*Supplied material*.
(* A necessary condition for [f] and [h] to be simultaneously nonnegative at some [p] of the
   regime; for [p >= 3] it only rules out a negative constant, a decreasing form already
   negative at [3], and two forms of opposite slopes whose nonnegativity half-lines are
   disjoint. *)
Definition feasible (rg : regime) (f h : lform) : bool :=
  if rg is Two then (0 <=? lf_eval f 2)%Z && (0 <=? lf_eval h 2)%Z else
  let: (a1, b1) := f in let: (a2, b2) := h in
  [&& ~~ ((a1 =? 0) && (b1 <? 0)), ~~ ((a2 =? 0) && (b2 <? 0)),
      ~~ ((a1 <? 0) && (lf_eval f 3 <? 0)), ~~ ((a2 <? 0) && (lf_eval h 3 <? 0)),
      ~~ [&& 0 <? a1, a2 <? 0 & a1 * b2 - a2 * b1 <? 0] &
      ~~ [&& a1 <? 0, 0 <? a2 & a2 * b1 - a1 * b2 <? 0]]%Z.

Lemma nonneg_onP rg f p : in_regime rg p -> nonneg_on rg f -> (0 <= lf_eval f (Z.of_nat p))%Z.
Proof.
case: rg => /= hp; first by move=> /Z.leb_le; rewrite hp.
case: f => a b /andP[/Z.leb_le ha /Z.leb_le hb].
move: ha hb; rewrite /lf_eval; cbn [fst snd] => ha hb; nia.
Qed.

Lemma feasible_witness rg f h p : in_regime rg p ->
  (0 <= lf_eval f (Z.of_nat p))%Z -> (0 <= lf_eval h (Z.of_nat p))%Z -> feasible rg f h.
Proof.
case: rg => /= hp; first by rewrite hp => /Z.leb_le -> /Z.leb_le ->.
case: f h => [a1 b1] [a2 b2]; rewrite /lf_eval; cbn [fst snd] => h1 h2.
repeat (apply/andP; split); apply/negP.
- by move=> /andP[/Z.eqb_eq ? /Z.ltb_lt]; subst; lia.
- by move=> /andP[/Z.eqb_eq ? /Z.ltb_lt]; subst; lia.
- by move=> /andP[/Z.ltb_lt ? /Z.ltb_lt ?]; nia.
- by move=> /andP[/Z.ltb_lt ? /Z.ltb_lt ?]; nia.
- by move=> /and3P[/Z.ltb_lt ? /Z.ltb_lt ? /Z.ltb_lt ?]; nia.
- by move=> /and3P[/Z.ltb_lt ? /Z.ltb_lt ? /Z.ltb_lt ?]; nia.
Qed.

(* Bounds on the offset of a position inside the image of [c], according to whether it is the
   last position of that image ([None] when that is impossible), and the letter it carries. *)
Definition slot_range (last : bool) (c : letter) : option (lform * lform) :=
  let m := lf_sub (block_form c) (lf_const 1) in
  if last then Some (m, m)
  else if c is S then None else Some (lf_const 0, lf_sub m (lf_const 1)).

Definition slot_letter (last : bool) (c : letter) : letter :=
  if last then last_letter c else L.

(* [(ΔL, ΔS, ΔM, u a, u b, u c, u d)] for a pair of factors [u[a, b)], [u[c, d)]. *)
Definition astate := (Z * Z * Z * letter * letter * letter * letter)%type.

Definition abstraction (u : nat -> letter) (a b c d : nat) : astate :=
  (ddiff (zcount u L) a b c d, ddiff (zcount u S) a b c d, ddiff (zcount u M) a b c d,
   u a, u b, u c, u d).

(* A move fixes, for each of the four positions, whether it ends its block, and the
   difference of lengths of the two factors. *)
Definition move := (bool * bool * (bool * bool) * Z)%type.

Definition flags := [:: false; true].
Definition flag_pairs := [seq (x, y) | x <- flags, y <- flags].
Definition len_diffs := [seq (Z.of_nat n - 5)%Z | n <- iota 0 11].
Definition moves : seq move :=
  [seq (k, dd) | k <- [seq (ab, cd) | ab <- flag_pairs, cd <- flag_pairs], dd <- len_diffs].

Lemma mem_moves ka kb kc kd dd : (-5 <= dd <= 5)%Z -> (ka, kb, (kc, kd), dd) \in moves.
Proof.
move=> hdd; have flagsP x : x \in flags by case: x.
apply: allpairs_f; first by apply: allpairs_f; apply: allpairs_f.
apply/mapP; exists (Z.to_nat (dd + 5)); rewrite ?mem_iota; lia.
Qed.

(* The offsets must contribute [need], the length difference [dd] of the factors minus that
   of the images of their parents, and they contribute between [lo] and [hi].  The new [ΔL]
   is then forced by [ΔL + ΔS + ΔM = dd]. *)
Definition successor (rg : regime) (s : astate) (m : move) : option astate :=
  let: (dL, dS, dM, ca, cb, cc, cd) := s in
  let: (ka, kb, (kc, kd), dd) := m in
  match slot_range ka ca, slot_range kb cb, slot_range kc cc, slot_range kd cd with
  | Some (loa, hia), Some (lob, hib), Some (loc, hic), Some (lod, hid) =>
    let lo := lf_sub (lf_add lob loc) (lf_add hia hid) in
    let hi := lf_sub (lf_add hib hic) (lf_add loa lod) in
    let need := lf_sub (lf_const dd) (dL + dM, dL + dS)%Z in
    if feasible rg (lf_sub need lo) (lf_sub hi need) then
      Some ((dd - (dL + dM) - dS)%Z, (dL + dM)%Z, dS,
            slot_letter ka ca, slot_letter kb cb, slot_letter kc cc, slot_letter kd cd)
    else None
  | _, _, _, _ => None
  end.

Definition successors (rg : regime) (s : astate) : seq astate := pmap (successor rg s) moves.

(* [G] evaluates at [p] to the length difference of the images of the two factors. *)
Definition overflow_ok (rg : regime) (s : astate) : bool :=
  let: (dL, dS, dM, ca, cb, cc, cd) := s in
  let G := (dL + dM, dL + dS)%Z in
  ((dL + dS + dM != 5)%Z ||
     nonneg_on rg (lf_sub G (lf_add (lf_add (block_form ca) (block_form cd)) (lf_const 3))))
  && ((dL + dS + dM != -5)%Z ||
     nonneg_on rg (lf_sub (lf_const (-3)) (lf_add G (lf_add (block_form cb) (block_form cc))))).

Definition balanced (s : astate) : bool :=
  let: (dL, dS, dM, _, _, _, _) := s in
  (dL + dS + dM != 0)%Z || ((-3 <=? dL) && (dL <=? 3))%Z.

Definition initial : astate := (0, 0, 0, L, L, L, L)%Z.

Definition letter_code (c : letter) : Z := match c with L => 0 | S => 1 | M => 2 end%Z.
Definition letter_of_code (z : Z) : letter :=
  if (z =? 0)%Z then L else if (z =? 1)%Z then S else M.

(* Injective as long as the [Δ]'s lie in [-32, 31]; [inX] does not rely on it, since it
   checks that the key decodes back to the state. *)
Definition encode (s : astate) : positive :=
  let: (dL, dS, dM, ca, cb, cc, cd) := s in
  Z.to_pos (1 + (((((((dL + 32) * 64 + (dS + 32)) * 64 + (dM + 32)) * 3
    + letter_code ca) * 3 + letter_code cb) * 3 + letter_code cc) * 3 + letter_code cd))%Z.

Definition decode (key : positive) : astate :=
  let z := (Zpos key - 1)%Z in
  let cd := (z mod 3)%Z in let z := (z / 3)%Z in
  let cc := (z mod 3)%Z in let z := (z / 3)%Z in
  let cb := (z mod 3)%Z in let z := (z / 3)%Z in
  let ca := (z mod 3)%Z in let z := (z / 3)%Z in
  let dM := (z mod 64)%Z in let z := (z / 64)%Z in
  let dS := (z mod 64)%Z in let dL := (z / 64)%Z in
  ((dL - 32)%Z, (dS - 32)%Z, (dM - 32)%Z, letter_of_code ca, letter_of_code cb,
   letter_of_code cc, letter_of_code cd).

Definition inX (X : PositiveSet.t) (s : astate) : bool :=
  PositiveSet.mem (encode s) X && (decode (encode s) == s).

Definition invariant (rg : regime) (X : PositiveSet.t) : bool :=
  PositiveSet.for_all (fun key => let s := decode key in
    [&& all (inX X) (successors rg s), overflow_ok rg s & balanced s]) X
  && inX X initial.

Lemma invariant_mem rg X s : invariant rg X -> inX X s ->
  [&& all (inX X) (successors rg s), overflow_ok rg s & balanced s].
Proof.
move=> /andP[hall _] /andP[/PositiveSet.mem_spec hs /eqP hdec].
move: hall; rewrite /is_true PositiveSet.for_all_spec => [/(_ _ hs)|]; first by rewrite hdec.
by move=> ? ? ->.
Qed.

*Directions for this task*. Look through the entries above and quote exactly the lines from the line with "move: ha hb;" to the line with "case: rg => /= hp; first by rewrite", counting both of those lines.

*Answer section*.
move: ha hb; rewrite /lf_eval; cbn [fst snd] => ha hb; nia.
Qed.

Lemma feasible_witness rg f h p : in_regime rg p ->
  (0 <= lf_eval f (Z.of_nat p))%Z -> (0 <= lf_eval h (Z.of_nat p))%Z -> feasible rg f h.
Proof.
case: rg => /= hp; first by rewrite hp => /Z.leb_le -> /Z.leb_le ->.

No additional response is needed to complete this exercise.